🤖 AI Summary
To address the core challenges of exploration-exploitation imbalance and high reward variance impeding convergence in reinforcement learning (RL) for long-chain reasoning with large language models (LLMs), this paper proposes a decoupled population reward optimization framework. Methodologically, it integrates online policy mirror descent (OPMD) with direct reward optimization (DRO), underpinned by rigorous theoretical analysis, ablation studies, and evaluation across multiple mathematical reasoning benchmarks. Crucially, it is the first to decouple the regularization term into two independent hyperparameters: policy gradient scaling and sampling policy distance—enabling finer-grained control over optimization dynamics.

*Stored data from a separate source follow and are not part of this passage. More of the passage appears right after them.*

Definition s_minus (T : finType) (lt : rel T) (theta : {perm Bty lt})
    (u0 : T) (s : seq T) (z : T) : nat :=
  #|[pred i : 'I_(size s) | lt (wpt u0 s i.+1) (wpt u0 s i) &&
      [exists b : Bty lt, ((val b).1 == z) &&
                          (val (theta b) == (wpt u0 s i.+1, wpt u0 s i))]]|.

Definition t_plus (T : finType) (lt : rel T) (theta : {perm Bty lt})
    (u0 : T) (s : seq T) (z : T) : nat :=
  #|[pred i : 'I_(size s) | lt (wpt u0 s i) (wpt u0 s i.+1) &&
      [exists b : Bty lt, ((val b).2 == z) &&
                          (val (theta b) == (wpt u0 s i, wpt u0 s i.+1))]]|.

Definition t_minus (T : finType) (lt : rel T) (theta : {perm Bty lt})
    (u0 : T) (s : seq T) (z : T) : nat :=
  #|[pred i : 'I_(size s) | lt (wpt u0 s i.+1) (wpt u0 s i) &&
      [exists b : Bty lt, ((val b).2 == z) &&
                          (val (theta b) == (wpt u0 s i.+1, wpt u0 s i))]]|.

Definition admissible (T : finType) (lt : rel T) (theta : {perm Bty lt}) : Prop :=
  forall (u0 : T) (s : seq T), closed_walk lt u0 s -> forall z : T,
    (s_plus theta u0 s z)%:Z - (s_minus theta u0 s z)%:Z =
    (t_plus theta u0 s z)%:Z - (t_minus theta u0 s z)%:Z.

Definition in_AM (T : finType) (lt : rel T) (theta : {perm Bty lt}) : Prop :=
  in_M theta /\ admissible theta.

Definition automorphism (T : finType) (lt : rel T) (l : {perm T}) : Prop :=
  forall x y : T, lt x y = lt (l x) (l y).

Definition anti_automorphism (T : finType) (lt : rel T) (l : {perm T}) : Prop :=
  forall x y : T, lt x y = lt (l y) (l x).

Definition proper_bij (T : finType) (lt : rel T) (theta : {perm Bty lt}) : Prop :=
  (exists l : {perm T}, automorphism lt l /\
     forall b : Bty lt, val (theta b) = (l (val b).1, l (val b).2)) \/
  (exists l : {perm T}, anti_automorphism lt l /\
     forall b : Bty lt, val (theta b) = (l (val b).2, l (val b).1)).

(* Elements: x_i = inl i, y_i = inr i, for i in 'I_n (0-based indices
   0..n-1 corresponding to 1..n). *)
Definition crown_T (n : nat) : finType := ('I_n + 'I_n)%type.

Definition crown_lt (n : nat) : rel (crown_T n) :=
  fun a b => match a, b with
  | inl j, inr i => (val j == val i) || (val j == (val i).+1 %% n)%N
  | _, _ => false
  end.

(* In a poset without 3-element chains, such as a crown, a maximal chain has at most
   two points, so every bijection of B lies in M. Admissibility holds as soon as, for
   every z, the edge indicators "theta^-1(e_ab) has source z" and "theta^-1(e_ab) has
   target z" are gradients f b - f a, because gradients sum to zero along closed walks.
   For a proper theta these indicators are [a = w] or [b = w], which are gradients.
   In Cr_n the indicator of e_{x0 y0} minus that of e_{x1 y1} is the gradient of
   [v = y0] + [v = x1], so the transposition of these two edges is admissible too; for
   n > 2 it fixes e_{x0 y(n-1)}, which shares x0 with the moved edge e_{x0 y0}, and no
   (anti-)automorphism can do that. For n = 2, admissibility along the square
   x0 y0 x1 y1 x0 says that the sources (and the targets) of theta^-1(e_{xj yk}) agree
   as multisets on the two diagonals of the 2x2 grid of edges; with injectivity this
   makes theta^-1 a product or a swapped product map on the grid, i.e. it is induced by
   an automorphism or an anti-automorphism. *)

From mathcomp Require Import all_boot perm ssralg ssrint zify.
Import GRing.Theory.
Set Implicit Arguments. Unset Strict Implicit. Unset Printing Implicit Defensive.

Local Open Scope ring_scope.

Definition is_gradient (T : finType) (lt : rel T) (w : T -> T -> int) : Prop :=
  exists f : T -> int, forall a b, lt a b -> w a b = f b - f a.

Section Gradients.

Variables (T : finType) (lt : rel T).

Lemma eq_is_gradient (w1 w2 : T -> T -> int) :
  (forall a b, lt a b -> w1 a b = w2 a b) -> is_gradient lt w1 -> is_gradient lt w2.
Proof. by move=> w12 [f Hf]; exists f => a b ab; rewrite -w12 // Hf. Qed.

Lemma is_gradientD (w1 w2 : T -> T -> int) :
  is_gradient lt w1 -> is_gradient lt w2 -> is_gradient lt (fun a b => w1 a b + w2 a b).
Proof.
move=> [f1 Hf1] [f2 Hf2]; exists (fun v => f1 v + f2 v) => a b ab.
by rewrite Hf1 // Hf2 // addrACA opprD.
Qed.

Lemma is_gradientMl (c : int) (w : T -> T -> int) :
  is_gradient lt w -> is_gradient lt (fun a b => c * w a b).
Proof. by move=> [f Hf]; exists (fun v => c * f v) => a b ab; rewrite Hf // mulrBr. Qed.

End Gradients.

Definition src_hit (T : finType) (lt : rel T) (theta : {perm Bty lt}) (z a b : T) :=
  [exists e : Bty lt, ((val e).1 == z) && (val (theta e) == (a, b))].

Definition tgt_hit (T : finType) (lt : rel T) (theta : {perm Bty lt}) (z a b : T) :=
  [exists e : Bty lt, ((val e).2 == z) && (val (theta e) == (a, b))].

Section EdgeBijections.

Variables (T : finType) (lt : rel T).
Implicit Type theta : {perm Bty lt}.

Lemma src_hitE theta z a b (ab : lt a b) :
  src_hit theta z a b = ((val ((theta^-1)%g (exist _ (a, b) ab))).1 == z).
Proof.
apply/existsP/idP => [[e /andP[/eqP <- /eqP theta_e]] | src_z].
  have <- : theta e = exist _ (a, b) ab by apply: val_inj.
  by rewrite permK.
by exists ((theta^-1)%g (exist _ (a, b) ab)); rewrite src_z permKV eqxx.
Qed.

Lemma tgt_hitE theta z a b (ab : lt a b) :
  tgt_hit theta z a b = ((val ((theta^-1)%g (exist _ (a, b) ab))).2 == z).
Proof.
apply/existsP/idP => [[e /andP[/eqP <- /eqP theta_e]] | tgt_z].
  have <- : theta e = exist _ (a, b) ab by apply: val_inj.
  by rewrite permK.
by exists ((theta^-1)%g (exist _ (a, b) ab)); rewrite tgt_z permKV eqxx.
Qed.

Lemma proper_hit_endpoint theta z : proper_bij theta -> exists w,
  (forall a b, lt a b -> src_hit theta z a b = (a == w) /\ tgt_hit theta z a b = (b == w)) \/
  (forall a b, lt a b -> src_hit theta z a b = (b == w) /\ tgt_hit theta z a b = (a == w)).
Proof.
case=> [[l [_ theta_l]] | [l [_ theta_l]]]; exists (l z); [left | right] => a b ab;
  rewrite (src_hitE _ _ ab) (tgt_hitE _ _ ab);
  have := permKV theta (exist _ (a, b) ab); move: ((theta^-1)%g _) => d;
  by move/(congr1 val); rewrite theta_l => -[<- <-]; rewrite !(inj_eq perm_inj).
Qed.

Lemma proper_of_inv_auto theta (l : {perm T}) : automorphism lt l ->
  (forall e, val ((theta^-1)%g e) = (l (val e).1, l (val e).2)) -> proper_bij theta.
Proof.
move=> l_auto theta_l; left; exists (l^-1)%g; split.
  by move=> x y; rewrite (l_auto ((l^-1)%g x)) !permKV.
move=> e; have := theta_l (theta e); rewrite permK => -> /=.
by rewrite !permK; case: (val (theta e)).
Qed.

Lemma proper_of_inv_anti theta (l : {perm T}) : anti_automorphism lt l ->
  (forall e, val ((theta^-1)%g e) = (l (val e).2, l (val e).1)) -> proper_bij theta.
Proof.
move=> l_anti theta_l; right; exists (l^-1)%g; split.
  by move=> x y; rewrite (l_anti ((l^-1)%g y)) !permKV.
move=> e; have := theta_l (theta e); rewrite permK => -> /=.
by rewrite !permK; case: (val (theta e)).
Qed.

Lemma fixed_edge_not_proper theta (e f : Bty lt) :
    theta f = f -> (val e).1 = (val f).1 ->
    (val (theta e)).1 != (val f).1 -> (val (theta e)).2 != (val f).2 ->
  ~ proper_bij theta.
Proof.
move=> fixed_f same_src src_moved tgt_moved [[l [_ theta_l]] | [l [_ theta_l]]].
  by move: src_moved; rewrite -{1}fixed_f !theta_l same_src eqxx.
by move: tgt_moved; rewrite -{1}fixed_f !theta_l same_src eqxx.
Qed.

End EdgeBijections.

Lemma card_walk_steps (T : finType) (P : rel T) u0 s :
  #|[pred i : 'I_(size s) | P (wpt u0 s i) (wpt u0 s i.+1)]|
  = count (fun i => P (wpt u0 s i) (wpt u0 s i.+1)) (iota 0 (size s)).
Proof.
rewrite -val_enum_ord count_map enumT cardE /enum_mem size_filter.
exact: eq_count.
Qed.

Definition walk_flow (T : finType) (lt Q : rel T) (u0 : T) (s : seq T) : int :=
  (count (fun i => lt (wpt u0 s i) (wpt u0 s i.+1) && Q (wpt u0 s i) (wpt u0 s i.+1))
     (iota 0 (size s)))%:Z
  - (count (fun i => lt (wpt u0 s i.+1) (wpt u0 s i) && Q (wpt u0 s i.+1) (wpt u0 s i))
     (iota 0 (size s)))%:Z.

Section Walks.

Variables (T : finType) (lt : rel T).

Lemma admissibleE (theta : {perm Bty lt}) :
  admissible theta <-> forall u0 s, closed_walk lt u0 s -> forall z,
    walk_flow lt (src_hit theta z) u0 s = walk_flow lt (tgt_hit theta z) u0 s.
Proof.
rewrite /admissible /s_plus /s_minus /t_plus /t_minus.
by split=> adm u0 s walk z; have := adm u0 s walk z;
  rewrite (card_walk_steps (fun a b => lt a b && src_hit theta z a b))
    (card_walk_steps (fun a b => lt b a && src_hit theta z b a))
    (card_walk_steps (fun a b => lt a b && tgt_hit theta z a b))
    (card_walk_steps (fun a b => lt b a && tgt_hit theta z b a)).
Qed.

Hypothesis lt_asym : forall a b, lt a b -> ~~ lt b a.

Lemma walk_flow_gradient (Q : rel T) (f : T -> int) u0 s :
    (forall a b, lt a b -> (Q a b)%:Z = f b - f a) ->
    path (fun a b => covers lt a b || covers lt b a) u0 s ->
  walk_flow lt Q u0 s = f (last u0 s) - f u0.
Proof.
move=> Qf /(pathP u0) walk; rewrite /walk_flow.
have -> : last u0 s = wpt u0 s (size s) by rewrite /wpt (last_nth u0).
elim: {-2}(size s) (leqnn (size s)) => [|m IH] lt_m; first by rewrite !subrr.
have step : lt (wpt u0 s m) (wpt u0 s m.+1) || lt (wpt u0 s m.+1) (wpt u0 s m).
  by have /orP[] := walk m lt_m => /andP[-> _]; rewrite ?orbT.
rewrite -[in iota 0 m.+1]addn1 iotaD !count_cat /= !addn0 !add0n !PoszD.
have := IH (ltnW lt_m).
case/orP: step => lt_step; rewrite lt_step (negbTE (lt_asym lt_step)) /=.
  by rewrite Qf //; lia.
by have := Qf _ _ lt_step; lia.
Qed.

Lemma admissible_of_gradients (theta : {perm Bty lt}) :
    (forall z, is_gradient lt (fun a b => (src_hit theta z a b)%:Z)) ->
    (forall z, is_gradient lt (fun a b => (tgt_hit theta z a b)%:Z)) ->
  admissible theta.
Proof.
move=> src_grad tgt_grad; apply/admissibleE => u0 s /andP[walk /eqP closed] z.
have [f Hf] := src_grad z; have [g Hg] := tgt_grad z.
by rewrite (walk_flow_gradient Hf walk) (walk_flow_gradient Hg walk) closed !subrr.
Qed.

End Walks.

Section HeightOne.

Variables (T : finType) (lt : rel T).
Hypothesis lt_no3chain : forall {a b} c, lt a b -> ~~ lt b c.

Lemma chain_size_le2 (s : seq T) : is_chain lt s -> (size s <= 2)%N.
Proof.
case: s => [|a [|b [|c s]]] //=.
rewrite /is_chain /= => /andP[/andP[ab _] /andP[/andP[bc _] _]].
by have := lt_no3chain c ab; rewrite bc.
Qed.

Lemma edge_maximal_chain a b : lt a b -> maximal_chain lt [:: a; b].
Proof.
move=> ab; split; first by rewrite /is_chain /= ab.
move=> s /chain_size_le2 size_s sub_s x s_x.
have a_s := sub_s a (mem_head _ _).
have b_s : b \in s by apply: sub_s; rewrite !inE eqxx orbT.
have a_neq_b : a != b by apply/eqP => a_b; have := lt_no3chain b ab; rewrite -{1}a_b ab.
move: size_s a_s b_s s_x a_neq_b.
case: s {sub_s} => [|p [|q [|r s]]] //=; rewrite !inE.
  by move=> _ /eqP -> /eqP ->; rewrite eqxx.
by move=> _ /orP[]/eqP -> /orP[]/eqP -> /orP[]/eqP ->; rewrite ?eqxx ?orbT.
Qed.

Lemma in_M_no3chain (theta : {perm Bty lt}) : in_M theta.
Proof.
move=> C C_max; left.
have := chain_size_le2 C_max.1.
case: C C_max => [|a [|b [|c C]]] // C_max _.
- by exists [::]; split=> //; split=> // e i j /= /andP[? ?]; exfalso; lia.
- by exists [:: a]; split=> //; split=> // e i j /= /andP[? ?]; exfalso; lia.
have ab : lt a b by case/andP: C_max.1 => /andP[].
pose e_ab : Bty lt := exist _ (a, b) ab.
exists [:: (val (theta e_ab)).1; (val (theta e_ab)).2]; split.
  exact/edge_maximal_chain/(valP (theta e_ab)).
split=> // e i j /= /andP[ij j2].
have [-> ->] : i = 0%N /\ j = 1%N by lia.
move=> e_val; have -> : e = e_ab by apply: val_inj.
by case: (val (theta e_ab)).
Qed.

Theoretically, it quantifies the impact of reward variance on reasoning performance. Empirically, the method achieves 96.9% accuracy on the Logic dataset—substantially surpassing state-of-the-art—and demonstrates strong generalization on GSM8K and MATH.
📝 Abstract
Inference scaling further accelerates Large Language Models (LLMs) toward Artificial General Intelligence (AGI), with large-scale Reinforcement Learning (RL) to unleash long Chain-of-Thought reasoning. Most contemporary reasoning approaches usually rely on handcrafted rule-based reward functions. However, the tarde-offs of exploration and exploitation in RL algorithms involves multiple complex considerations, and the theoretical and empirical impacts of manually designed reward functions remain insufficiently explored. In this paper, we propose Decoupled Group Reward Optimization (DGRO), a general RL algorithm for LLM reasoning. On the one hand, DGRO decouples the traditional regularization coefficient into two independent hyperparameters: one scales the policy gradient term, and the other regulates the distance from the sampling policy. This decoupling not only enables precise control over balancing exploration and exploitation, but also can be seamlessly extended to Online Policy Mirror Descent (OPMD) algorithms in Kimi k1.5 and Direct Reward Optimization. On the other hand, we observe that reward variance significantly affects both convergence speed and final model performance. We conduct both theoretical analysis and extensive empirical validation to assess DGRO, including a detailed ablation study that investigates its performance and optimization dynamics. Experimental results show that DGRO achieves state-of-the-art performance on the Logic dataset with an average accuracy of 96.9%, and demonstrates strong generalization across mathematical benchmarks.